// Benjamin Skinner
// LPO 9951: PhD Student Research Practicum
// Fall 2015

// QUICK NOTE RE: QUANTILE CUTS USING -egen- WITH -cut-

// When discussing -egen- with -cut- in class the other day, I bumbled around
// an explanation regarding the different types of cuts one can make to
// continuous data. Hopefully this quick note will clear things up.

// header stuff    
clear all
set more off
set seed 316810

// generate fake data
set obs 1000
gen loginc = rnormal(10,1)
gen inc = exp(loginc)

// look at distribution of fake income variables
sum loginc inc
hist loginc, name(h_loginc)
hist inc, name(h_inc)

// Notice the skew of income when it isn't logged? Let's say that we want
// to categorize our income values into four groups. There are two general
// ways to do this that are based on qualitatively different ideas about
// how those groups should be created.

// (1) Equally sized bins based on the data at hand
// (2) Potentially unequal bins based on theoretically- or population-derived
//     cut points

// Neither is right or wrong in general. But the approach is important
// depending on the needs of your analyses. As I'll show below, the method
// used to cut the income variable will substantively change the way various
// values are coded.

// (1) Equally-sized bins ------------------------------------------------------

// create equal groups; show
egen inc_q = cut(inc), group(4) icodes
table inc_q

// This is what we did in class. Stata divides the distribution of income
// into four groups by setting the cuts at the 25th, 50th, and 75th percentiles.
// In this scenario, the data are assumed fixed and the cut points are
// relative to the values seen in the data.

// (2) Unequally-sized bins ----------------------------------------------------

// create unequal groups based on set cuts; show
egen inc_q2 = cut(inc), at(0,25000,50000,75000,1000000000) icodes
table inc_q2

// This approach is different. Instead of fixing the data and allowing the cut
// points to change, we instead fixed the cut points and require the data
// to bin accordingly. Notice how this time we had to include n + 1 cuts,
// where n = # of groups. This requires some knowledge about the range of the
// variable. I know that no values are below zero or above 1 billion. If not
// careful, Stata will return missing values for those that fall outside of the
// cut points.

// Why do it this second way? Perhaps your cut points are fixed by a theoretical
// framework. Or maybe you need to align categories of income in this dataset
// with those found in another. In both cases, it makes more sense to treat the
// cutpoints as fixed and the data as realizations of a random variable or
// distribution that should be binned accordingly.

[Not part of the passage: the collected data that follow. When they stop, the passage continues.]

Lemma scaled_lattice_coords (k : 'M[int]_(n1, n2)) :
  lattice_scale *: \sum_(i < n1) \sum_(j < n2) (k i j)%:~R *: @sigma_alpha_gamma R r p i j =
  map_mx intr (mxvec ((diff_mx int n1)^T *m double_corner k *m (diff_mx int n2)^T))
    *m rotation_mx.
Proof.
rewrite map_mxvec !map_mxM -!map_trmx !map_diff_mx -scalemxAr mul_mxvec_kronmx.
set C := map_mx intr (double_corner k).
have -> : (dst4_mx R n1)^T *m ((diff_mx R n1)^T *m C *m (diff_mx R n2)^T) *m dst7_mx R n2 =
    (diff_mx R n1 *m dst4_mx R n1)^T *m C *m ((diff_mx R n2)^T *m dst7_mx R n2).
  by rewrite trmx_mul !mulmxA.
rewrite diff_mx_mul_dst4 tr_diff_mx_mul_dst7.
apply/rowP => x; case/mxvec_indexP: x => s t.
rewrite !mxE mxvecE tr_mulmx3E mulNr -mulrN -sumrN !summxE.
congr (_ * _); apply: eq_bigr => i _; rewrite -sumrN summxE; apply: eq_bigr => j _.
rewrite !mxE mxvecE !mxE sqrt_emb_alpha /gamma_coef /double_corner /is_corner.
by case: ifP => _; rewrite ?rmorphM /=; ring.
Qed.

End Rotation.

Theorem proposition3p4 (R : realType) (r p : nat) :
  (3 <= r)%N -> prime p -> (5 <= p)%N ->
  rotated_Dn (@scaled_lattice R r p).
Proof.
move=> r3 p_prime p5.
have r2 : (2 <= r)%N by exact: ltnW.
have p_odd : odd p by apply: contraLR p5 => /(prime_oddPn p_prime) ->.
exists (rotation_mx R r p); split; first exact: rotation_mx_orthogonal.
move=> v; split=> [[k ->]|[d [d_even ->]]].
  exists (mxvec ((diff_mx int _)^T *m double_corner k *m (diff_mx int _)^T)).
  split; last exact: scaled_lattice_coords.
  by rewrite /Dn sum_mxvec; apply/even_sum_diff_mx_conjP; exists k.
have /even_sum_diff_mx_conjP[k dE] : (2 %| \sum_i \sum_j vec_mx d i j)%Z.
  by rewrite -sum_mxvec vec_mxK.
by exists k; rewrite scaled_lattice_coords // -dE vec_mxK.
Qed.
(* $$\lim_{n\to\infty}\left(\frac{\alpha_n(1\text{-}23\text{-}4)}{n!}\right)^{1/n}=0.$$
   Context: A permutation $\pi=\pi_1\cdots\pi_n$ of $\{1,\dots,n\}$ contains the generalized pattern $1\text{-}23\text{-}4$ if there are indices $a<b<b+1<c$ with $\pi_a<\pi_b<\pi_{b+1}<\pi_c$; otherwise it avoids it. $\alpha_n(1\text{-}23\text{-}4)$ is the number of permutations of $\{1,\dots,n\}$ avoiding it. *)

From mathcomp Require Import all_boot all_fingroup.
From Stdlib Require Import Reals.
Set Implicit Arguments. Unset Strict Implicit. Unset Printing Implicit Defensive.

(* Permutations of {1..n} are represented as permutations s : 'S_n of {0..n-1};
   positions are 0-based too.  Pattern 1-23-4: indices a < b, b+1 < c with
   s a < s b < s (b+1) < s c.  *)
Definition contains_1_23_4 (n : nat) (s : 'S_n) : bool :=
  [exists a : 'I_n, exists b : 'I_n, exists b1 : 'I_n, exists c : 'I_n,
     [&& a < b, val b1 == (val b).+1, b1 < c,
         s a < s b, s b < s b1 & s b1 < s c]].

Definition alpha_1_23_4 (n : nat) : nat :=
  #|[set s : 'S_n | ~~ contains_1_23_4 s]|.

From Stdlib Require Import Reals Lra Psatz.
From mathcomp Require Import all_boot all_fingroup zify.
Set Implicit Arguments. Unset Strict Implicit. Unset Printing Implicit Defensive.

(* A permutation with at most [K] ascents is determined by the map sending each
   value to the index of the descending run containing it, so there are at most
   [(K+1)^n] of them.  If [s] avoids 1-23-4, then at every ascent either the bottom
   is a left-to-right minimum or the top is a right-to-left maximum, and both kinds
   of positions carry decreasing subsequences.  So an avoider has fewer than [2t]
   ascents or a decreasing subsequence of length [t], and the latter holds for at
   most [2^n n!/t!] permutations.  With [t = n/(12d)] this gives
   [alpha_n d^n <= n!] for all large [n], for every [d]. *)

Section Ascents.
Variables (n : nat) (s : 'S_n).

Definition value_at (i : nat) : nat := if insub i is Some j then val (s j) else 0.

Lemma value_atE (i : 'I_n) : value_at i = s i.
Proof. by case: i => i lt_in; rewrite /value_at insubT. Qed.

Lemma value_at_inj i k : i < n -> k < n -> value_at i = value_at k -> i = k.
Proof.
move=> lt_in lt_kn.
have := value_atE (Ordinal lt_in); have := value_atE (Ordinal lt_kn) => /= -> ->.
by move/val_inj/perm_inj => [].
Qed.

Definition ascent (b : nat) : bool := (b.+1 < n) && (value_at b < value_at b.+1).

Definition nasc (i : nat) : nat := \sum_(0 <= b < i) ascent b.

Lemma nascS i : nasc i.+1 = nasc i + ascent i.
Proof. by rewrite /nasc big_nat_recr. Qed.

Lemma nasc_mono : {homo nasc : i j / i <= j}.
Proof.
move=> i j /subnK <-; elim: (j - i) => [|k IHk] //.
by rewrite addSn nascS (leq_trans IHk) ?leq_addr.
Qed.

Lemma nasc_card : nasc n = #|[set b : 'I_n | ascent b]|.
Proof.
rewrite /nasc big_mkord -sum1_card [RHS]big_mkcond /=.
by apply: eq_bigr => b _; rewrite inE; case: (ascent b).
Qed.

Lemma descent_at q : q.+1 < n -> ~~ ascent q -> value_at q.+1 < value_at q.
Proof.
move=> lt_q1n; rewrite /ascent lt_q1n -leqNgt leq_eqVlt => /orP[/eqP|] //.
by move/(value_at_inj lt_q1n (ltnW lt_q1n)); lia.
Qed.
(* Let $A\in\mathbb{R}^{d\times d}$, $B\in\mathbb{R}^{d\times n}$, $C\in\mathbb{R}^{n\times d}$, $D\in\mathbb{R}^{n\times n}$ with every eigenvalue of $A$ in the closed left half-plane, and let $H(\xi)=D+C(\xi I-A)^{-1}B$. Let $X\in\mathbb{R}^{d\times d}$ be symmetric and let $L,W$ be real matrices (with the same number of rows) satisfying $-A^TX-XA=L^TL$, $C-B^TX=W^TL$ and $D+D^T=W^TW$. Let $$Z(\xi)=W+L(\xi I-A)^{-1}B,\qquad Y(\xi)=\begin{bmatrix}\xi I-A & -B\\ L & W\end{bmatrix}.$$ Then $Z^\star Z=H+H^\star$, and $Z$ is a spectral factor of $H+H^\star$ if and only if $Y(\lambda)$ has full row rank for all $\lambda\in\mathbb{C}$ with $\mathrm{Re}(\lambda)>0$.
   Context: For a real rational matrix $G$, $G^\star(\xi):=G(-\xi)^T$. If $Z\in\mathbb{R}^{r\times n}(\xi)$ and $F=Z^\star Z$, $Z$ is called a spectral factor of $F$ if $Z$ is analytic in the open right half-plane and $Z(\lambda)$ has full row rank for every $\lambda$ in the open right half-plane. *)

From HB Require Import structures.
From mathcomp Require Import all_boot all_order all_algebra.
From mathcomp Require Import generic_quotient fraction.
From mathcomp Require Import complex.
Set Implicit Arguments. Unset Strict Implicit. Unset Printing Implicit Defensive.
Import Order.TTheory GRing.Theory Num.Theory.
Local Open Scope ring_scope.

Notation "x %:F" := (@FracField.tofrac _ x).

Definition ratf (R : rcfType) := {fraction {poly R}}.

Definition xi_rf (R : rcfType) : ratf R := ('X)%:F.

Definition cmx (R : rcfType) m n (M : 'M[R]_(m, n)) : 'M[ratf R]_(m, n) :=
  map_mx (fun x => (x%:P)%:F) M.

Definition cplx_mx (R : rcfType) m n (M : 'M[R]_(m, n)) : 'M[R[i]]_(m, n) :=
  map_mx (fun x => (x%:C)%C) M.

Definition ceval (R : rcfType) (p : {poly R}) (z : R[i]) : R[i] :=
  (map_poly (fun x => (x%:C)%C) p).[z].

Definition rf_neg (R : rcfType) (f : ratf R) : ratf R :=
  let r := repr f in
  ((\n_r \Po - 'X)%:F) / ((\d_r \Po - 'X)%:F).

Definition mxstar (R : rcfType) m n (G : 'M[ratf R]_(m, n)) : 'M[ratf R]_(n, m) :=
  (map_mx (@rf_neg R) G)^T.

(* The rational function f is analytic at z and takes value v there:
   f = p/q with q(z) <> 0 and v = p(z)/q(z). *)
Definition rf_value_at (R : rcfType) (f : ratf R) (z : R[i]) (v : R[i]) : Prop :=
  exists p q : {poly R},
    [/\ ceval q z != 0, f = p%:F / q%:F & v = ceval p z / ceval q z].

// compare binning through cross table -----------------------------------------

// cross-table
table inc_q inc_q2

// Notice how we get very different categorizations. If the bins were the same,
// we should see a perfect diagonal matrix of values 250. This would mean that
// all income values coded as 0 using the first method would be 0 using the
// second method. The same would hold true for the other values.

// Instead, we have very different codings. While it seems that all the 0 values
// were coded the same by each method, the latter method also coded all formerly
// 1 values as 0 (NB: based on the way Stata creates random numbers, you may
// have slightly different results; setting the seed at the top should have
// helped, but differences may remain). The upper categories are split between
// the two methods.

// FINAL THOUGHT

// Both choices make sense within their respective contexts. The takeaway here
// is that in both situations, you have grouped a continuous variable into
// four categories. The grouping means something quite different in each case.
// Just be clear about what you are doing in your documentation/labeling.

exit